# Document Embedding with Amazon SageMaker Object2Vec

1. [Introduction](#Introduction)
2. [Background](#Background)
  1. [Embedding documents using Object2Vec](#Embedding-documents-using-Object2Vec)
3. [Download and preprocess Wikipedia data](#Download-and-preprocess-Wikipedia-data)
  1. [Install and load dependencies](#Install-and-load-dependencies)
  2. [Build vocabulary and tokenize datasets](#Build-vocabulary-and-tokenize-datasets)
  3. [Upload preprocessed data to S3](#Upload-preprocessed-data-to-S3)
4. [Define SageMaker session, Object2Vec image, S3 input and output paths](#Define-SageMaker-session,-Object2Vec-image,-S3-input-and-output-paths)
5. [Train and deploy doc2vec](#Train-and-deploy-doc2vec)
  1. [Learning performance boost with new features](#Learning-performance-boost-with-new-features)
  2. [Training speedup with sparse gradient update](#Training-speedup-with-sparse-gradient-update)
6. [Apply learned embeddings to document retrieval task](#Apply-learned-embeddings-to-document-retrieval-task)
  1. [Comparison with the StarSpace algorithm](#Comparison-with-the-StarSpace-algorithm)

## Introduction

In this notebook, we introduce four new features to Object2Vec, a general-purpose neural embedding algorithm: negative sampling, sparse gradient update, weight-sharing, and comparator operator customization. The new features together broaden the applicability of Object2Vec, improve its training speed and accuracy, and provide users with greater flexibility. See [Introduction to the Amazon SageMaker Object2Vec](https://aws.amazon.com/blogs/machine-learning/introduction-to-amazon-sagemaker-object2vec/) if you aren’t already familiar with Object2Vec.

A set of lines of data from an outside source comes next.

(* Both bounds come from comparing paths: [b c ^ t * (Circ a ^ t x)] is at most
   [a c ^ t * (Circ b ^ t x)], and [Circ a ^ t x] dominates the path that
   repeats [c]. *)
Lemma path_max_attractor_squeeze N : (n <= S N)%nat -> forall j,
  path_max n b N (path_max n a (T + n) x) j =
  a c ^ (T + n) * path_max n b N x ((j + (T + n) * c) mod n)%nat.
Proof.
  intros HN j. set (t := (T + n)%nat).
  apply Rle_antisym.
  - apply Rmult_le_reg_l with (b c ^ t); [apply pow_lt, b_pos|].
    rewrite <- path_max_scale by (apply pow_le; lra).
    apply (Rle_trans _ (path_max n b N (fun k => a c ^ t * path_max n b t x k) j)).
    + apply path_max_mono; auto. intros k _; apply path_max_pow_le; auto; lra.
    + rewrite path_max_scale, path_max_add, (path_max_add_shift n b c) by (auto; apply pow_le; lra).
      right; ring.
  - rewrite <- path_max_shift, <- path_max_scale by (apply pow_le; lra).
    apply path_max_mono; auto. intros k _; apply path_max_repeat_le, a_max.
Qed.

Lemma path_max_attractor_shift_invariant N : (n <= S N)%nat ->
  forall i, path_max n b N x i = path_max n b N x ((i + c) mod n)%nat.
Proof.
  intros HN. set (t := (T + n)%nat).
  apply (shift_invariant_untranslate n _ (t * c)); [exact n_gt0|apply path_max_mod|].
  intros j. apply Rmult_eq_reg_l with (a c ^ t); [|apply pow_nonzero; lra].
  rewrite <- !path_max_attractor_squeeze by exact HN.
  rewrite <- path_max_shift; apply rmaxl_map_ext; intros l _; cbv beta.
  now rewrite <- (path_max_eigen_periodic n a c).
Qed.

End AttractorTransfer.

Lemma in_itv_bounds I v : in_itv I v -> lo I <= v <= hi I.
Proof. unfold in_itv; destruct (lc I), (rc I); intros [H1 H2]; lra. Qed.

Section HatMatrix.
Variables (n : nat) (ia : nat -> itv) (a : nat -> R) (c : nat).
Hypothesis ia_ok : forall t, (t < n)%nat -> itv_ok (ia t).
Hypothesis a_in : forall t, (t < n)%nat -> in_itv (ia t) (a t).
Hypothesis a_max : max_entry_at n a c.

Lemma lo_max_le_max_entry : lo_max n ia <= a c.
Proof.
  destruct a_max as [Hc Ha]. apply rmaxl_map_lub; [apply Ha, Hc|].
  intros k Hk; apply in_seq in Hk.
  apply (Rle_trans _ (a k)); [apply in_itv_bounds, a_in; lia|apply Ha; lia].
Qed.
Lemma incr_section : exists g : R -> R, forall z, m <= z < l -> a <= g z /\ f (g z) = z.
Proof.
  assert (Hex : forall z, exists y, m <= z < l -> a <= y /\ f y = z).
  { intros z. destruct (classic (m <= z < l)) as [Hz | Hz].
    - destruct (incr_onto z Hz) as [y Hy]. exists y. auto.
    - exists a. intros; contradiction. }
  exists (fun z => proj1_sig (constructive_indefinite_description _ (Hex z))).
  intros z. exact (proj2_sig (constructive_indefinite_description _ (Hex z))).
Qed.

Section Inverse.

Variable g : R -> R.
Hypothesis g_section : forall z, m <= z < l -> a <= g z /\ f (g z) = z.

Lemma section_retraction y : a <= y -> g (f y) = y.
Proof.
  intros Hy. destruct (g_section (f y) (incr_range y Hy)) as [Hg Hfg].
  apply incr_inj; assumption.
Qed.

Lemma section_incr z w : m <= z -> z < w -> w < l -> g z < g w.
Proof.
  intros Hmz Hzw Hwl.
  destruct (g_section z ltac:(lra)) as [Hz Hfz]. destruct (g_section w ltac:(lra)) as [Hw Hfw].
  apply Rnot_le_lt. intros Hle. generalize (incr_le (g w) (g z) Hw Hle). lra.
Qed.

Lemma section_upper z eps : m <= z < l -> 0 < eps ->
  exists d, 0 < d /\ forall w, m <= w < l -> w < z + d -> g w < g z + eps.
Proof.
  intros Hz Heps. destruct (g_section z Hz) as [Hgz Hfgz].
  exists (f (g z + eps) - z). split.
  - rewrite <- Hfgz at 2. generalize (f_incr (g z) (g z + eps) Hgz ltac:(lra)). lra.
  - intros w Hw Hwd. destruct (g_section w Hw) as [Hgw Hfgw].
    apply Rnot_le_lt. intros Hle. generalize (incr_le (g z + eps) (g w) ltac:(lra) Hle). lra.
Qed.

Lemma section_lower z eps : m <= z < l -> 0 < eps ->
  exists d, 0 < d /\ forall w, m <= w < l -> z - d < w -> g z - eps < g w.
Proof.
  intros Hz Heps. destruct (g_section z Hz) as [Hgz Hfgz].
  destruct (Rlt_le_dec (g z - eps) a) as [Ha | Ha].
  - exists 1. split; [lra |]. intros w Hw _. destruct (g_section w Hw). lra.
  - exists (z - f (g z - eps)). split.
    + rewrite <- Hfgz at 1. generalize (f_incr (g z - eps) (g z) Ha ltac:(lra)). lra.
    + intros w Hw Hwd. destruct (g_section w Hw) as [Hgw Hfgw].
      apply Rnot_le_lt. intros Hle. generalize (incr_le _ _ Hgw Hle). lra.
Qed.

Lemma section_continuous z : m <= z < l ->
  filterlim g (within (fun x => m <= x < l) (locally z)) (locally (g z)).
Proof.
  intros Hz P [eps HP].
  destruct (section_upper z eps Hz (cond_pos eps)) as [d1 [Hd1 Hup]].
  destruct (section_lower z eps Hz (cond_pos eps)) as [d2 [Hd2 Hlow]].
  assert (Hd : 0 < Rmin d1 d2) by (apply Rmin_glb_lt; assumption).
  exists (mkposreal _ Hd). intros w Hw Hwdom. apply HP.
  change (Rabs (w - z) < Rmin d1 d2) in Hw. apply Rabs_def2 in Hw.
  generalize (Rmin_l d1 d2) (Rmin_r d1 d2). intros.
  change (Rabs (g w - g z) < eps).
  apply Rabs_def1;
    [generalize (Hup w Hwdom ltac:(lra)) | generalize (Hlow w Hwdom ltac:(lra))]; lra.
Qed.

End Inverse.

Lemma incr_inverse : exists g : R -> R,
  (forall z, m <= z < l -> a <= g z /\ f (g z) = z)
  /\ (forall y, a <= y -> g (f y) = y)
  /\ (forall z w, m <= z -> z < w -> w < l -> g z < g w)
  /\ (forall z, m <= z < l ->
        filterlim g (within (fun x => m <= x < l) (locally z)) (locally (g z))).
Proof.
  destruct incr_section as [g Hg]. exists g.
  repeat split; intros; try apply Hg;
    auto using section_retraction, section_incr, section_continuous.
Qed.

End IncreasingToLimit.

(* The expressions of [fq] and of its derivative, parameterized by the power function:
   [Rpower] gives the smooth branch on (1, +oo), [rpow] a version continuous on [1, +oo). *)
Definition fq_expr (pw : R -> R -> R) (q y : R) : R :=
  - q * (pw y (q / (q - 1)) / (pw y (q / (q - 1)) - pw (y - 1) (q / (q - 1)))) + (q - 1) * y.

Definition fq_deriv_expr (pw : R -> R -> R) (q y : R) : R :=
  ((q - 1) ^ 2 * (pw y (q / (q - 1)) - pw (y - 1) (q / (q - 1))) ^ 2
     - q ^ 2 * pw y (1 / (q - 1)) * pw (y - 1) (1 / (q - 1)))
  / ((q - 1) * (pw y (q / (q - 1)) - pw (y - 1) (q / (q - 1))) ^ 2).

Section Fq.

Variable q : R.
Hypothesis hq : 1 < q.

Local Notation p := (q / (q - 1)).

Lemma conj_exponent_gt1 : 1 < p.
Proof. apply (Rmult_lt_reg_r (q - 1)); [lra |]. unfold Rdiv. rewrite Rmult_assoc, Rinv_l; lra. Qed.

Lemma conj_exponent_eq : p = 1 + 1 / (q - 1).
Proof. field. lra. Qed.

Lemma fq_le1 y : y <= 1 -> fq q y = -1.
Proof. intros Hy. unfold fq. destruct (Rle_dec y 1); [reflexivity | lra]. Qed.

Lemma fq_gt1 y : 1 < y -> fq q y = fq_expr Rpower q y.
Proof. intros Hy. unfold fq. destruct (Rle_dec y 1); [lra | reflexivity]. Qed.

Lemma Rpower_diff_pos y : 1 < y -> 0 < Rpower y p - Rpower (y - 1) p.
Proof. intros Hy. apply Rlt_0_minus, Rlt_Rpower_l; [generalize conj_exponent_gt1 |]; lra. Qed.

Lemma rpow_diff_pos y : 1 <= y -> 0 < rpow y p - rpow (y - 1) p.
Proof.
  intros Hy. destruct (Rle_lt_or_eq_dec 1 y Hy) as [Hy1 | <-].
  - rewrite !rpow_pos by lra. apply Rpower_diff_pos, Hy1.
  - rewrite rpow_pos, rpow_nonpos, Rpower_1_l by lra. lra.
Qed.

Lemma fq_smooth y n : 1 < y -> ex_derive_n (fq q) n y.
Proof.
  intros Hy. set (U := fun y : R => 1 < y). assert (HU : open U) by apply open_gt.
  assert (Hpow0 : ex_derive_upto U n (fun y => Rpower y p)).
  { apply (ex_derive_upto_comp U (fun x => 0 < x) n (fun x => Rpower x p) (fun y => y));
      auto using open_gt, ex_derive_upto_Rpower, ex_derive_upto_id.
    unfold U. intros y' Hy'. lra. }
  assert (Hpow1 : ex_derive_upto U n (fun y => Rpower (y - 1) p)).
  { apply (ex_derive_upto_comp U (fun x => 0 < x) n (fun x => Rpower x p) (fun y => y - 1));
      auto using open_gt, ex_derive_upto_Rpower, ex_derive_upto_minus, ex_derive_upto_id,
        ex_derive_upto_const.
    unfold U. intros y' Hy'. lra. }
  assert (Hexpr : ex_derive_upto U n (fq_expr Rpower q)).
  { unfold fq_expr. apply ex_derive_upto_plus; [exact HU | |].
    - apply ex_derive_upto_mult; [exact HU | apply ex_derive_upto_const, HU |].
      apply ex_derive_upto_div; [exact HU | | exact Hpow0 |].
      + intros y' Hy'. apply Rgt_not_eq, Rpower_diff_pos, Hy'.
      + apply ex_derive_upto_minus; assumption.
    - apply (ex_derive_upto_mult U HU n (fun _ => q - 1) (fun y => y)).
      + apply ex_derive_upto_const, HU.
      + apply ex_derive_upto_id, HU. }
  apply (ex_derive_upto_ext U HU n _ (fq q)) in Hexpr.
  - apply (Hexpr n (le_n n) y Hy).
  - intros y' Hy'. symmetry. apply fq_gt1, Hy'.
Qed.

We demonstrate how these new features extend the applicability of Object2Vec to a new Document Embedding use-case: A customer has a large collection of documents. Instead of storing these documents in its raw format or as sparse bag-of-words vectors, to achieve training efficiency in the various downstream tasks, she would like to instead embed all documents in a common low-dimensional space, so that the semantic distance between these documents are preserved.

## Background

Object2Vec is a highly customizable multi-purpose algorithm that can learn embeddings of pairs of objects. The embeddings are learned such that it preserves their pairwise similarities in the original space.

- Similarity is user-defined: users need to provide the algorithm with pairs of objects that they define as similar (1) or dissimilar (0); alternatively, the users can define similarity in a continuous sense (provide a real-valued similarity score).

- The learned embeddings can be used to efficiently compute nearest neighbors of objects, as well as to visualize natural clusters of related objects in the embedding space. In addition, the embeddings can also be used as features of the corresponding objects in downstream supervised tasks such as classification or regression.

### Embedding documents using Object2Vec

We demonstrate how, with the new features, Object2Vec can be used to embed a large collection of documents into vectors in the same latent space.

Similar to the widely used Word2Vec algorithm for word embedding, a natural approach to document embedding is to preprocess documents as (sentence, context) pairs, where the sentence and its matching context come from the same document. The matching context is the entire document with the given sentence removed. The idea is to embed both sentence and context into a low dimensional space such that their mutual similarity is maximized, since they belong to the same document and therefore should be semantically related. The learned encoder for the context can then be used to encode new documents into the same embedding space. In order to train the encoders for sentences and documents, we also need negative (sentence, context) pairs so that the model can learn to discriminate between semantically similar and dissimilar pairs. It is easy to generate such negatives by pairing sentences with documents that they do not belong to. Since there are many more negative pairs than positives in naturally occurring data, we typically resort to random sampling techniques to achieve a balance between positive and negative pairs in the training data. The figure below shows pictorially how the positive pairs and negative pairs are generated from unlabeled data for the purpose of learning embeddings for documents (and sentences).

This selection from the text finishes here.